The text is formatted as a short institutional statement. It frames the subject as research connected to ‘gene edited babies’ rather than as a laboratory report.

Within that statement, the Commission uses a fixed condemnation phrase: the research ‘severely offends China’s laws, regulations and ethics’.

The wording asserts a violation position, but it does not enumerate the underlying evidence on that same page. It also does not present technical appendices that would allow independent reconstruction of what edits were made.

No sequence-level description appears in this artifact. No validated attachment in this set supplies off-target assessment, mosaicism rates, or a protocol narrative.

The administrative act observable here is the Commission making this condemnation language public on its own portal, with no further technical dossier bundled into the page.^[1]

This artifact can certify an official health-authority position in explicit words, but it does not certify how the finding was reached or what specific technical facts were established next.

The Supreme People’s Court portal summary that fixes He Jiankui’s sentence and fine, but not the written judgment

The English portal of the Supreme People’s Court preserves a case summary stating He Jiankui was ‘sentenced to three years in prison and fined 3 million yuan’.

In the same summary, the offense label is given as ‘illegal human embryo gene-editing’, fixing the category of wrongdoing as the court portal presents it.

The provided record does not include the complete written judgment text, the evidentiary record, or detailed findings about what facts were established in court beyond the penalty statement.

That absence sets a hard limit: this archive slice can report the sentence and fine as published, but it cannot carry charge details, roles of other participants, or technical descriptions as court-established facts.^[2]

Late November 2018 in Science reporting: a public claim and an immediate reaction, not laboratory verification

Science (AAAS) reported in late November 2018 that a Chinese researcher claimed to have created ‘gene-edited twins’.

Science also reported that the claim triggered immediate international reaction, fixing the timing of a public emergence moment in a widely read publication.

This kind of record is strong for chronology and public response, but it does not substitute for authenticated technical documentation or for a full court judgment within this provided set.

The next question the documents raise is simple and unresolved here: which technical and investigative materials, if any, were made public alongside the reaction.^[3]

The Second International Summit record: a bounded forum description, not a case file

The proceedings record for the Second International Summit on Human Genome Editing describes the event as a ‘two-and-a-half-day event’.

In that same description, the scope is framed as covering ‘potential benefits and risks of human genome editing’ and ‘ethical and cultural perspectives’.

WHO’s category boundary: somatic, germline and heritable editing, with an explicit ethical concern gradient

This establishes a documented institutional setting for how genome editing is publicly discussed, but the provided proceedings record does not, by itself in this slice, certify case-specific technical facts about the CRISPR babies claim.

What remains open is where, in the public record, the case’s technical details were preserved—if they were preserved in a stable documentary form at all.^[4]

WHO states that human genome editing applies to ‘somatic, germline and heritable’ editing.

WHO also states that ‘the latter is generally considered to be of greater ethical concern’, fixing a comparative framing about germline and heritable work in WHO’s own wording.

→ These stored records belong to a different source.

Definition on_pairs (n : nat) (R : Type) (r0 : R) (f : nat -> nat -> R)
    (S : {set 'I_n}) : R :=
  if [pick pq : 'I_n * 'I_n | (pq.1 < pq.2) && (S == [set pq.1; pq.2])] is Some pq
  then f pq.1 pq.2 else r0.

Lemma on_pairs_set2 n R r0 (f : nat -> nat -> R) (p q : 'I_n) : p < q ->
  on_pairs r0 f [set p; q] = f p q.
Proof.
move=> pq; rewrite /on_pairs.
case: pickP => [[p' q'] /andP[/= pq' /eqP] | none]; last first.
  by have := none (p, q); rewrite /= pq eqxx.
case/set2_eq_cases => [[-> ->] // | [pE qE]].
by move: pq pq'; rewrite pE qE; lia.
Qed.

Lemma on_pairs_set2_minmax n R r0 (f : nat -> nat -> R) (p q : 'I_n) : p != q ->
  on_pairs r0 f [set p; q] = f (minn p q) (maxn p q).
Proof.
case: (ltngtP p q) => [pq | qp | /val_inj ->]; last by rewrite eqxx.
- by rewrite on_pairs_set2.
- by rewrite setUC on_pairs_set2.
Qed.

Lemma ord_set2_sorted n (A : {set 'I_n}) : #|A| == 2 ->
  exists p q : 'I_n, p < q /\ A = [set p; q].
Proof.
case/cards2P=> p [q [neq ->]]; case: (ltngtP p q) => [pq | qp | /val_inj pq].
- by exists p, q.
- by exists q, p; rewrite setUC.
- by rewrite pq eqxx in neq.
Qed.

(* [wrap n m] is [m %% n] for [m < 2 n]; unlike [modn] it stays within the
   reach of [lia]. *)
Definition wrap (n m : nat) := if m < n then m else m - n.

(* X = Z_(4t) + {4t} and Y = X + {4t+1} + {4t+2+j | j in Z_(2t)}.  A 2-subset
   of Z_(4t) is a chord {x, x+d} with 1 <= d <= 2t.  The block {p, 4t} goes to
   p + t; a chord of length 2t goes to 4t+1; a chord of length 2k goes to
   x+t+k, at cyclic distances t+k and t-k from its ends; a chord of length 2k+1
   goes to 4t+2 + (x+t+k mod 2t), whose offsets mod 2t from its ends are t+k
   and t-k-1.  As k varies none of these distances or offsets repeats, so the
   pair {x, phi A} determines (A, x): [unnest_nat] computes it from the sorted
   pair, reading the kind of block off the larger point. *)

Definition chord_base (t p q : nat) := if q - p <= 2 * t then p else q.
Definition chord_len (t p q : nat) := if q - p <= 2 * t then q - p else 4 * t - (q - p).
Definition chord (t x d : nat) :=
  if x + d < 4 * t then (x, x + d) else (x + d - 4 * t, x).

Definition nest_chord (t x d : nat) : nat :=
  if d == 2 * t then 4 * t + 1
  else if odd d then 4 * t + 2 + wrap (2 * t) (wrap (4 * t) (x + t + d./2))
  else wrap (4 * t) (x + t + d./2).

Definition nest_nat (t p q : nat) : nat :=
  if q == 4 * t then wrap (4 * t) (p + t)
  else nest_chord t (chord_base t p q) (chord_len t p q).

These definitions help keep categories stable, but they do not classify this case in technical terms within the provided set because sequence-level and method documentation is not included here.

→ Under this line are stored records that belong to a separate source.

Lemma phi_shift z m : phi (z - m) = phi z * (exp (- (m ^ 2) / 2) * exp (m * z)).
Proof.
  unfold phi. rewrite <- !exp_plus.
  replace (- ((z - m) ^ 2) / 2) with (- (z ^ 2) / 2 + (- (m ^ 2) / 2 + m * z)) by field.
  rewrite exp_plus. unfold Rdiv. ring.
Qed.

Lemma ratio_expsum K tau mu z :
  expsum K (mix_weight tau mu) mu z <> 0 ->
  ratio K tau mu z =
  z - expsum K (fun k => mix_weight tau mu k * mu k) mu z / expsum K (mix_weight tau mu) mu z.
Proof.
  intros Hh. unfold ratio.
  assert (Hden : rsum K (fun k => tau k * phi (z - mu k)) =
                 phi z * expsum K (mix_weight tau mu) mu z).
  { unfold expsum. rewrite <- rsum_scal. apply rsum_ext. intros k _.
    rewrite phi_shift. unfold mix_weight. ring. }
  assert (Hnum : rsum K (fun k => tau k * (z - mu k) * phi (z - mu k)) =
                 phi z * (z * expsum K (mix_weight tau mu) mu z -
                          expsum K (fun k => mix_weight tau mu k * mu k) mu z)).
  { unfold expsum. rewrite <- rsum_scal, <- rsum_minus, <- rsum_scal. apply rsum_ext. intros k _.
    rewrite phi_shift. unfold mix_weight. ring. }
  rewrite Hden, Hnum. pose proof (phi_pos z). field. lra.
Qed.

The unresolved step is classificatory: the archive can name what institutions called the activity, but it cannot certify the underlying biological particulars that would anchor a more precise category statement.^[5]

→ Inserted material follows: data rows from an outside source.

Lemma card_setU1D K I j : j \notin K -> j \notin I ->
  #|(j |: I) :\: K| = #|I :\: K|.+1.
Proof.
move=> jK jI; have -> : (j |: I) :\: K = j |: (I :\: K).
  by apply/setP => k; rewrite !inE; case: eqVneq => // ->; rewrite jK.
by rewrite cardsU1 in_setD (negbTE jI) andbF.
Qed.

Lemma card_setDU1 J I j : j \in J -> j \notin I ->
  #|J :\: I| = #|J :\: (j |: I)|.+1.
Proof.
move=> jJ jI; have -> : J :\: I = j |: (J :\: (j |: I)).
  by apply/setP => k; rewrite !inE; case: eqVneq => [->|]; rewrite ?jJ ?jI.
by rewrite cardsU1 !inE eqxx.
Qed.

Lemma sum_sign_interval_lo K J : K \subset J ->
  \sum_(I : {set T} | (K \subset I) && (I \subset J)) (-1) ^+ #|I :\: K| = (K == J)%:Z.
Proof.
move=> KJ; have [<-|neKJ] := eqVneq K J.
  by rewrite (big_pred1 K) ?setDv ?cards0 // => I /=; rewrite eqEsubset andbC.
have /properP[_ [j jJ jK]] : K \proper J by rewrite properEneq neKJ.
by rewrite (sum_interval_eq0 jJ jK) // => I jI; rewrite card_setU1D // exprS mulN1r.
Qed.

Lemma sum_sign_interval_hi K J : K \subset J ->
  \sum_(I : {set T} | (K \subset I) && (I \subset J)) (-1) ^+ #|J :\: I| = (K == J)%:Z.
Proof.
move=> KJ; have [<-|neKJ] := eqVneq K J.
  by rewrite (big_pred1 K) ?setDv ?cards0 // => I /=; rewrite eqEsubset andbC.
have /properP[_ [j jJ jK]] : K \proper J by rewrite properEneq neKJ.
rewrite (sum_interval_eq0 jJ jK) // => I jI.
by rewrite [in RHS](card_setDU1 jJ jI) exprS mulN1r opprK.
Qed.

Lemma sum_subset_exchange (F : {set T} -> {set T} -> V) J :
  \sum_(I : {set T} | I \subset J) \sum_(K : {set T} | K \subset I) F I K =
  \sum_(K : {set T} | K \subset J) \sum_(I : {set T} | (K \subset I) && (I \subset J)) F I K.
Proof.
rewrite (exchange_big_dep (fun K : {set T} => K \subset J)) /=; last first.
  by move=> I K IJ KI; exact: subset_trans KI IJ.
by apply: eq_bigr => K _; apply: eq_bigl => I; rewrite andbC.
Qed.

Lemma sum_subset_delta (c : {set T} -> int) f J :
  (forall K, K \subset J -> c K = (K == J)%:Z) ->
  \sum_(K : {set T} | K \subset J) f K *~ c K = f J.
Proof.
move=> cE; rewrite (bigD1 J) //= cE // eqxx big1 ?addr0 // => K /andP[KJ neKJ].
by rewrite cE // (negbTE neKJ).
Qed.

Lemma zeta_mobius g J : zeta (mobius g) J = g J.
Proof.
rewrite /zeta /mobius sum_subset_exchange.
under eq_bigr do rewrite -mulrz_sumr.
by apply: sum_subset_delta => K; exact: sum_sign_interval_lo.
Qed.

Lemma mobius_zeta f J : mobius (zeta f) J = f J.
Proof.
rewrite /zeta /mobius; under eq_bigr do rewrite mulrz_suml.
rewrite sum_subset_exchange; under eq_bigr do rewrite -mulrz_sumr.
by apply: sum_subset_delta => K; exact: sum_sign_interval_hi.
Qed.

Lemma mobius_eq0 g J j : (forall I, g (j |: I) = g I) -> j \in J -> mobius g J = 0.
Proof.
move=> gj jJ; apply: (sum_toggle_eq0 (j := j)) => [I jI|I jI _].
  by rewrite subUset sub1set jJ.
by rewrite gj [in RHS](card_setDU1 jJ jI) exprS mulN1r mulrNz opprK.
Qed.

A National Academies benchmark that states a pregnancy threshold for edited embryos

A National Academies report (2020) states: ‘Human embryos whose genomes have been edited should not be used to create a pregnancy until it is established that precise genomic changes can be made reliably …’

Within this article’s documentary limits, that sentence can be used only as a published governance benchmark statement, not as a retroactive technical finding about what happened in the CRISPR babies case.

The gap that stays open is operational: the provided record does not include documentation showing whether any stated reliability threshold was evaluated, by whom, or using which data.^[6]

Peer-reviewed technical risk categories: unexpected mutation and mosaicism, without case-specific attachment

A peer-reviewed review states: ‘Numerous studies have reported unexpected genomic mutation and mosaicism following the use of CRISPR/Cas nucleases…’

This permits a narrow technical claim in this article: unexpected mutation and mosaicism are documented risk categories discussed in the literature around CRISPR/Cas use.

It does not permit a stronger claim about these children, because the provided record contains no authenticated lab records, no sequence data, and no official technical assessment appendices.

The unresolved point is where technical certainty would normally live: in primary datasets and validated reports not present in this source set.^[7]

CDC guidance as a documented alternative set: conception risk-reduction strategies for serodiscordant couples

CDC guidance describes multiple HIV-risk-reduction strategies for conception among serodiscordant couples, including ‘collection and washing of the male partner’s sperm’.

This establishes, in documented clinical guidance, that risk-reduction strategies for conception exist in at least one relevant clinical context.

The record provided here does not show what options were presented to any specific couple, what clinical pathway was used, or how decision-making was recorded.

The only stable statement is the narrow one: the guidance exists and names concrete strategies, while case-specific counseling and consent documentation is not available in this archive slice.^[8]

Where the record can certify, and where it permanently stops in this slice

The opening question asked what can be certified versus what stays undocumented. The answer depends on which institutional artifact is doing the certifying.

The record can certify that China’s National Health Commission published an investigation-result statement condemning the research as something that ‘severely offends China’s laws, regulations and ethics’.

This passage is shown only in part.